Sodann überarbeitete ich DL 1 innerhalb von DeepL ausschließlich mithilfe von Vorschlägen, die mir von DeepL gemacht wurden, also ohne Berücksichtigung von eigenen Vorschlägen. Ich kopierte diese zweite Fassung in Word und speicherte sie unter der Bezeichnung DL 2.

Abschließend überarbeitete ich DL 2 außerhalb von DeepL in Word mit meinen eigenen Lösungen, weil ich die Bedienoberfläche von DeepL als zu restriktiv empfand (mehr dazu später), und speicherte diese dritte Fassung unter der Bezeichnung ZT.

 

Unübersichtlichkeit frisst Zeit

Die erste Fassung von DeepL war qualitativ sehr durchwachsen. Gleich zu Beginn fanden sich haarsträubende Übersetzungsfehler:

  • AT: I have always been fat. Not chubby or fluffy or husky or curvy—fat.
  • DL 1: Ich war schon immer dick. Nicht mollig oder flauschig oder buschig oder kurvig-fett.
  • AT: “super morbidly obese”
  • DL 1: „super morbid fettleibig“

Es fanden sich jedoch auch Sätze oder sogar ganze Passagen, die DeepL auf Anhieb korrekt ins Deutsche übertrug, zumindest auf den ersten Blick. Beispiel:

  • AT: I do not struggle with self-esteem or negative body image. I do not lay awake at night, longing for a thinner body or some life that lies a hundred pounds out of reach. For me, my body isn’t good or bad, is [sic] just is. But for the rest of the world, it seems, my body presents major problems. Friends, family, strangers, and coworkers alike offer unsolicited diet advice and recommend bariatric surgeons.
  • DL 1: Ich kämpfe nicht mit meinem Selbstwertgefühl oder einem negativen Körperbild. Ich liege nachts nicht wach und sehne mich nach einem dünneren Körper oder einem Leben, das hundert Pfund außer Reichweite liegt. Für mich ist mein Körper weder gut noch schlecht, er ist einfach da. Aber für den Rest der Welt, so scheint es, stellt mein Körper ein großes Problem dar.

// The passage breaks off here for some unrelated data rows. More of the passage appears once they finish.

(* Let $\mathfrak{A}[\tau]$ be a *-semisimple topological partial *-algebra with multiplication core $\mathfrak{B}$ containing the unit $e$ of $\mathfrak{A}$. Let $x,y\in\mathfrak{A}$ be such that the strong product $x\bullet y$ is well-defined with respect to $\mathcal{M}=\mathcal{P}_{\mathfrak{B}}(\mathfrak{A})$. Then for every quasi-symmetric $(\tau,\mathsf{t}_s)$-continuous *-representation $\pi$ of $\mathfrak{A}$ with $\pi(\mathfrak{B})\subset\mathcal{L}^\dagger(\mathcal{D}(\pi))$ and $\pi(e)=I_{\mathcal{D}(\pi)}$, the strong product $\pi(x)\circ\pi(y)$ is well-defined and $\pi(x\bullet y)=\pi(x)\circ\pi(y)$.
   Context: A partial *-algebra is a complex vector space $\mathfrak{A}$ with a conjugate-linear involution and a distributive partial multiplication on $\Gamma\subset\mathfrak{A}\times\mathfrak{A}$ such that $(x,y)\in\Gamma$ iff $(y^*,x^* )\in\Gamma$, then $(xy)^*=y^*x^*$; $L(y)=\{x:(x,y)\in\Gamma\}$, $R(y)=\{x:(y,x)\in\Gamma\}$; $R\mathfrak{A}$, $L\mathfrak{A}$ are the universal right/left multipliers; a unit is $e=e^*\in R\mathfrak{A}\cap L\mathfrak{A}$ with $xe=ex=x$. For a dense subspace $\mathcal{D}$ of a Hilbert space $\mathcal{H}$, $\mathcal{L}^\dagger(\mathcal{D},\mathcal{H})$ is the set of linear operators $X$ with domain $\mathcal{D}$ and $D(X^* )\supseteq\mathcal{D}$, $X^\dagger=X^*|_{\mathcal{D}}$, weak product $X_1\Box X_2:=(X_1^\dagger)^*X_2$ defined when $X_2\mathcal{D}\subset D((X_1^\dagger)^* )$ and $X_1^*\mathcal{D}\subset D(X_2^* )$; $\mathcal{L}^\dagger(\mathcal{D})=\{X\in\mathcal{L}^\dagger(\mathcal{D},\mathcal{H}):X\mathcal{D}\subset\mathcal{D},X^\dagger\mathcal{D}\subset\mathcal{D}\}$. The strong product $X\circ Y$ of $X,Y\in\mathcal{L}^\dagger(\mathcal{D},\mathcal{H})$ is well-defined when $Y\mathcal{D}\subset D(\overline{X})$ and $X^\dagger\mathcal{D}\subset D(\overline{Y^\dagger})$, and then $X\circ Y=\overline{X}Y$. A *-representation is a linear $\pi:\mathfrak{A}\to\mathcal{L}^\dagger(\mathcal{D}(\pi),\mathcal{H})$ with $\pi(x^* )=\pi(x)^\dagger$ such that $x\in L(y)$ implies $\pi(x)\Box\pi(y)$ defined and equal to $\pi(xy)$; $(\tau,\mathsf{t}_s)$-continuous means $x\mapsto\pi(x)\xi$ is continuous for each $\xi\in\mathcal{D}(\pi)$. $\pi$ is quasi-symmetric if for every $x\in\mathfrak{A}$: $\bigcap_{z\in L(x)}D\big((\pi(x)^*|_{\pi(z^* )\mathcal{D}(\pi)})^*\big)=D(\overline{\pi(x)})$ and $\bigcap_{v\in R(x)}D\big((\pi(x^* )^*|_{\pi(v)\mathcal{D}(\pi)})^*\big)=D(\overline{\pi(x)^\dagger})$. A topological partial *-algebra is a partial *-algebra with a Hausdorff locally convex topology $\tau$ such that each map $y\in R(x)\mapsto xy$ is closed. $\tau^*$ is given by seminorms $\max\{p(x),p(x^* )\}$. A multiplication core is a subspace $\mathfrak{B}\subseteq R\mathfrak{A}$ with: $e\in\mathfrak{B}$ if a unit exists; $\mathfrak{B}\mathfrak{B}\subseteq\mathfrak{B}$; $\mathfrak{B}$ $\tau^*$-dense; $x\mapsto xb$ $\tau$-continuous for $b\in\mathfrak{B}$; $b^*(xc)=(b^*x)c$ for $x\in\mathfrak{A}$, $b,c\in\mathfrak{B}$. For a positive sesquilinear form $\varphi$ on $\mathfrak{A}\times\mathfrak{A}$, $\lambda_\varphi(x)=x+N_\varphi$ ($N_\varphi=\{x:\varphi(x,x)=0\}$) in the completion $\mathcal{H}_\varphi$ of $\mathfrak{A}/N_\varphi$; $\varphi$ is an ips-form with core $\mathfrak{B}$ if $\mathfrak{B}\subset R\mathfrak{A}$, $\lambda_\varphi(\mathfrak{B})$ is dense in $\mathcal{H}_\varphi$, $\varphi(xa,b)=\varphi(a,x^*b)$ and $\varphi(x^*a,yb)=\varphi(a,(xy)b)$ whenever $x\in L(y)$, for $a,b\in\mathfrak{B}$. $\mathcal{P}_{\mathfrak{B}}(\mathfrak{A})$ is the set of ips-forms with core $\mathfrak{B}$ that are $\tau$-continuous ($|\varphi(x,y)|\le p(x)p(y)$ for some continuous seminorm $p$). $\mathfrak{A}$ is *-semisimple if for every $x\neq0$ there is a $(\tau,\mathsf{t}_s)$-continuous *-representation $\pi$ with $\pi(x)\neq0$. Strong product: for $x,y\in\mathfrak{A}$, $x\bullet y$ is well-defined with respect to $\mathcal{M}$ if $x\in L(y)$ and (sm$_1$) $\varphi((xy)a,z^*b)=\varphi(ya,(x^*z^* )b)$ for all $z\in L(x)$, $\varphi\in\mathcal{M}$, $a,b\in\mathfrak{B}$; (sm$_2$) $\varphi((y^*x^* )a,vb)=\varphi(x^*a,(yv)b)$ for all $v\in R(y)$, $\varphi\in\mathcal{M}$, $a,b\in\mathfrak{B}$; then $x\bullet y:=xy$. *)

From HB Require Import structures.
From mathcomp Require Import all_boot all_order all_algebra.
From mathcomp Require Import reals.
From mathcomp Require Import complex.
From Stdlib Require List.
Set Implicit Arguments. Unset Strict Implicit. Unset Printing Implicit Defensive.
Import Order.TTheory GRing.Theory Num.Theory.
Local Open Scope ring_scope.

Section Hilbert.
Context (R : realType) (H : lmodType R[i]) (ip : H -> H -> R[i]).

Definition hnorm (v : H) : R[i] := sqrtC (ip v v).

Definition is_inner_product : Prop :=
  [/\ (forall (a : R[i]) u v w, ip (a *: u + v) w = a * ip u w + ip v w),
      (forall u v, ip u v = (ip v u)^*),
      (forall u, 0 <= ip u u) &
      (forall u, ip u u = 0 -> u = 0)].

Definition hcauchy (u : nat -> H) : Prop :=
  forall eps : R[i], 0 < eps -> exists N, forall m n,
    (N <= m)%N -> (N <= n)%N -> hnorm (u m - u n) < eps.

Definition hcvg (u : nat -> H) (l : H) : Prop :=
  forall eps : R[i], 0 < eps -> exists N, forall n, (N <= n)%N -> hnorm (u n - l) < eps.

Definition is_hilbert : Prop :=
  is_inner_product /\ forall u, hcauchy u -> exists l, hcvg u l.

Definition dense_subspace (D : H -> Prop) : Prop :=
  [/\ D 0,
      (forall (a : R[i]) u v, D u -> D v -> D (a *: u + v)) &
      (forall h (eps : R[i]), 0 < eps -> exists d, D d /\ hnorm (h - d) < eps)].

(* (possibly multivalued) operators as graphs *)
Definition graph := H -> H -> Prop.
Definition gdom (G : graph) (u : H) : Prop := exists v, G u v.
Definition op_graph (D : H -> Prop) (X : H -> H) : graph := fun u v => D u /\ v = X u.
Definition adjoint (G : graph) : graph := fun v w => forall u z, G u z -> ip z v = ip u w.
Definition gclosure (G : graph) : graph := fun u v =>
  forall eps : R[i], 0 < eps ->
    exists u' v', [/\ G u' v', hnorm (u - u') < eps & hnorm (v - v') < eps].
Definition grestrict (G : graph) (S : H -> Prop) : graph := fun u v => S u /\ G u v.
Definition image (D : H -> Prop) (f : H -> H) : H -> Prop := fun w => exists u, D u /\ w = f u.

Definition dagger (D : H -> Prop) (X : H -> H) : graph := grestrict (adjoint (op_graph D X)) D.

Definition in_Ldagger (D : H -> Prop) (X : H -> H) : Prop :=
  (forall (a : R[i]) u v, D u -> D v -> X (a *: u + v) = a *: X u + X v) /\
  (forall u, D u -> gdom (adjoint (op_graph D X)) u).

Definition in_LdaggerD (D : H -> Prop) (X : H -> H) : Prop :=
  [/\ in_Ldagger D X, (forall u, D u -> D (X u)) & (forall u v, dagger D X u v -> D v)].

Definition weak_product_eq (D : H -> Prop) (X1 X2 Z : H -> H) : Prop :=
  [/\ (forall u, D u -> gdom (adjoint (dagger D X1)) (X2 u)),
      (forall u v, dagger D X1 u v -> gdom (adjoint (op_graph D X2)) v) &
      (forall u, D u -> adjoint (dagger D X1) (X2 u) (Z u))].

Definition strong_product_op_wd (D : H -> Prop) (X Y : H -> H) : Prop :=
  (forall u, D u -> gdom (gclosure (op_graph D X)) (Y u)) /\
  (forall u v, dagger D X u v -> gdom (gclosure (dagger D Y)) v).

Definition strong_product_op_eq (D : H -> Prop) (X Y Z : H -> H) : Prop :=
  forall u, D u -> gclosure (op_graph D X) (Y u) (Z u).

End Hilbert.

Section PartialAlgebra.
Context (R : realType) (A : lmodType R[i]) (star : A -> A)
        (Gam : A -> A -> Prop) (mul : A -> A -> A).

Definition partial_star_algebra : Prop :=
  [/\ (forall (a : R[i]) x y, star (a *: x + y) = a^* *: star x + star y),
      (forall x, star (star x) = x),
      (forall x y, Gam x y <-> Gam (star y) (star x)),
      (forall x y, Gam x y -> star (mul x y) = mul (star y) (star x)) &
      (forall x y z (a b : R[i]), Gam x y -> Gam x z ->
          Gam x (a *: y + b *: z) /\ mul x (a *: y + b *: z) = a *: mul x y + b *: mul x z) /\
      (forall x y z (a b : R[i]), Gam y x -> Gam z x ->
          Gam (a *: y + b *: z) x /\ mul (a *: y + b *: z) x = a *: mul y x + b *: mul z x)].

Definition RA (x : A) : Prop := forall y, Gam y x.
Definition LA (x : A) : Prop := forall y, Gam x y.

Definition is_unit (e : A) : Prop :=
  [/\ star e = e, RA e, LA e & forall x, mul x e = x /\ mul e x = x].

Definition subspace (B : A -> Prop) : Prop :=
  B 0 /\ forall (a : R[i]) x y, B x -> B y -> B (a *: x + y).

Definition seminorm (p : A -> R[i]) : Prop :=
  [/\ (forall x, 0 <= p x), (forall x y, p (x + y) <= p x + p y) &
      (forall (a : R[i]) x, p (a *: x) = `|a| * p x)].

Definition tnbhs (P : (A -> R[i]) -> Prop) (x : A) (U : A -> Prop) : Prop :=
  exists (s : seq (A -> R[i])) (eps : R[i]),
    [/\ (forall p, List.In p s -> P p), 0 < eps &
        forall y, (forall p, List.In p s -> p (y - x) < eps) -> U y].

Definition hausdorff (P : (A -> R[i]) -> Prop) : Prop :=
  forall x y, x <> y -> exists U V,
    [/\ tnbhs P x U, tnbhs P y V & forall z, ~ (U z /\ V z)].

Definition tcont (P : (A -> R[i]) -> Prop) (f : A -> A) : Prop :=
  forall x0 V, tnbhs P (f x0) V -> tnbhs P x0 (fun x => V (f x)).

(* the map y in R(x) |-> xy is closed (closed graph in A x A) *)
Definition left_mult_closed (P : (A -> R[i]) -> Prop) (x : A) : Prop :=
  forall y z,
    (forall U V, tnbhs P y U -> tnbhs P z V -> exists y', [/\ Gam x y', U y' & V (mul x y')]) ->
    Gam x y /\ mul x y = z.

Definition topological_partial_star_algebra (P : (A -> R[i]) -> Prop) : Prop :=
  [/\ partial_star_algebra, (forall p, P p -> seminorm p), hausdorff P &
      forall x, left_mult_closed P x].

(* the family of seminorms generating tau^* *)
Definition Pstar (P : (A -> R[i]) -> Prop) (q : A -> R[i]) : Prop :=
  exists p, P p /\ q = (fun x => Num.max (p x) (p (star x))).

Definition multiplication_core (P : (A -> R[i]) -> Prop) (B : A -> Prop) : Prop :=
  [/\ subspace B /\ (forall b, B b -> RA b),
      (forall e, is_unit e -> B e) /\
      (forall b c, B b -> B c -> B (mul b c)),
      (forall x U, tnbhs (Pstar P) x U -> exists b, B b /\ U b),
      (forall b, B b -> tcont P (fun x => mul x b)) &
      (forall x b c, B b -> B c ->
         [/\ Gam (star b) (mul x c), Gam (star b) x &
             mul (star b) (mul x c) = mul (mul (star b) x) c])].

Definition pos_sesq_form (phi : A -> A -> R[i]) : Prop :=
  [/\ (forall (a : R[i]) x y z, phi (a *: x + y) z = a * phi x z + phi y z),
      (forall (a : R[i]) x y z, phi z (a *: x + y) = a^* * phi z x + phi z y) &
      (forall x, 0 <= phi x x)].

Definition ips_form (B : A -> Prop) (phi : A -> A -> R[i]) : Prop :=
  [/\ pos_sesq_form phi,
      (forall b, B b -> RA b),
      (* lambda_phi(B) dense in H_phi *)
      (forall x (eps : R[i]), 0 < eps -> exists b, B b /\ sqrtC (phi (x - b) (x - b)) < eps),
      (forall x a b, B a -> B b -> phi (mul x a) b = phi a (mul (star x) b)) &
      (forall x y a b, Gam x y -> B a -> B b ->
          phi (mul (star x) a) (mul y b) = phi a (mul (mul x y) b))].

Definition cont_seminorm (P : (A -> R[i]) -> Prop) (q : A -> R[i]) : Prop :=
  seminorm q /\ forall x0 (eps : R[i]), 0 < eps -> tnbhs P x0 (fun x => `|q x - q x0| < eps).

Definition tau_cont_form (P : (A -> R[i]) -> Prop) (phi : A -> A -> R[i]) : Prop :=
  exists q, cont_seminorm P q /\ forall x y, `|phi x y| <= q x * q y.

Definition PB (P : (A -> R[i]) -> Prop) (B : A -> Prop) (phi : A -> A -> R[i]) : Prop :=
  ips_form B phi /\ tau_cont_form P phi.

Beim näheren Hinschauen fanden sich jedoch Fehler. Beispiel:

  • AT: Other shoppers pick over my cart at the grocery store
  • DL 1: Andere stöbern im Supermarkt in meinem Einkaufswagen

Hier wurde der Begriff shoppers von DeepL nicht übersetzt.

 

Die 25 von mir festgelegten Termini wurden von DeepL mithilfe des angelegten Glossars auf Anhieb richtig übersetzt. Bei der Überarbeitung behielt ich jedoch nicht alle bei. Beispiel:

  • AT: (…) and recommend bariatric surgeons.
  • DL 1: (…) und empfehlen mir Adipositaschirurgen.
  • ZT: (…) und empfehlen mir sogar eine Magenverkleinerung.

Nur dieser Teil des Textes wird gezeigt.